One of the actions would recommend a thorough improvement in governance (Bloomberg, 2013). Having the largest democracy in the world is not sufficient in itself if it is run inefficiently. Maximizing in governance means cutting back severely on the bureaucratic red-tape to allow ease of interaction and doing business. The government should then break down the cartels that control whole economic sectors and allow genuine liberalization so as to help the economy achieve its tremendous potential. I would also recommend them to liberalize the capital market system and allow greater access to capital for the huge population in the country. Increased ease of capital acquisition will bring investments and more growth. Corruption is a major problem that they should eliminate to enable better governance,.

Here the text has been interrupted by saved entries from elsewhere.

(* Let $\mathcal{A}$ be an $S$-ring over a group $G$ of prime order $p$. Suppose that $p\leq 3$ or $\mathrm{rk}(\mathcal{A})>2$. Then $\mathrm{Aut}(\mathcal{A})$ is 2-isolated.
   Context: Let $G$ be a finite group with identity $e$; for $X\subseteq G$ write $\underline{X}=\sum_{x\in X}x\in\mathbb{Z}G$. An $S$-ring over $G$ is a subring $\mathcal{A}\subseteq\mathbb{Z}G$ for which there is a partition $\mathcal{S}(\mathcal{A})$ of $G$ (basic sets) with $\{e\}\in\mathcal{S}(\mathcal{A})$, closed under $X\mapsto X^{-1}$, and $\mathcal{A}=\mathrm{Span}_{\mathbb{Z}}\{\underline{X}:X\in\mathcal{S}(\mathcal{A})\}$; $\mathrm{rk}(\mathcal{A})=|\mathcal{S}(\mathcal{A})|$. For $X\subseteq G$ let $R(X)=\{(g,xg):x\in X,g\in G\}$. The automorphism group $\mathrm{Aut}(\mathcal{A})$ is the group of all permutations $f$ of $G$ with $R(X)^f=R(X)$ for every $X\in\mathcal{S}(\mathcal{A})$. Two permutation groups $K,K'\leq\mathrm{Sym}(\Omega)$ are 2-equivalent if they have the same orbits on $\Omega^2$; $K$ is 2-isolated if $K$ is the only subgroup of $\mathrm{Sym}(\Omega)$ that is 2-equivalent to $K$. *)

From mathcomp Require Import all_boot all_fingroup.
Set Implicit Arguments.
Unset Strict Implicit.
Unset Printing Implicit Defensive.

Local Open Scope group_scope.

Section SRing.
Variable gT : finGroupType.

(* Coefficient of g in the group-ring product X * Y (underlined sets):
   the number of pairs (x, y) in X x Y with x * y = g. *)
Definition prod_coef (X Y : {set gT}) (g : gT) : nat :=
  #|[set xy in setX X Y | xy.1 * xy.2 == g]|.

India would benefit greatly if manufacturers from North America and other countries decided to outsource their operations (Kar, 2016). If more companies were to come to India, it would be a great boost to her economy since the same thing has happened with China. If the film industry in America, which is highly advanced, were to partner with their Indian counterparts, they would learn a lot from the more experienced Americans.
In the next decade, India will solidify her position as a leading global manufacturer. Since they have been investing in making reforms in various sectors, it has led to increased confidence for the investors. I expect this to translate to increased foreign investment and the GDP growth rate will increase to 7.5% (Ey.com, 2015). The government aims to encourage skill development and education. There are 1.3 billion people in India, and if their skill level is increased, there will be a huge market for skilled labor which is going to attract more manufacturers (Riley, 2017). The proposed National Institute of Design will make India a global leader in world class designing of products by improving the skills and empowering human capital. I think they have the potential to be an economic superpower in coming years due to the potential of their population. As one of the fastest growing economies in the world, it is certain they are going to become a major economic force.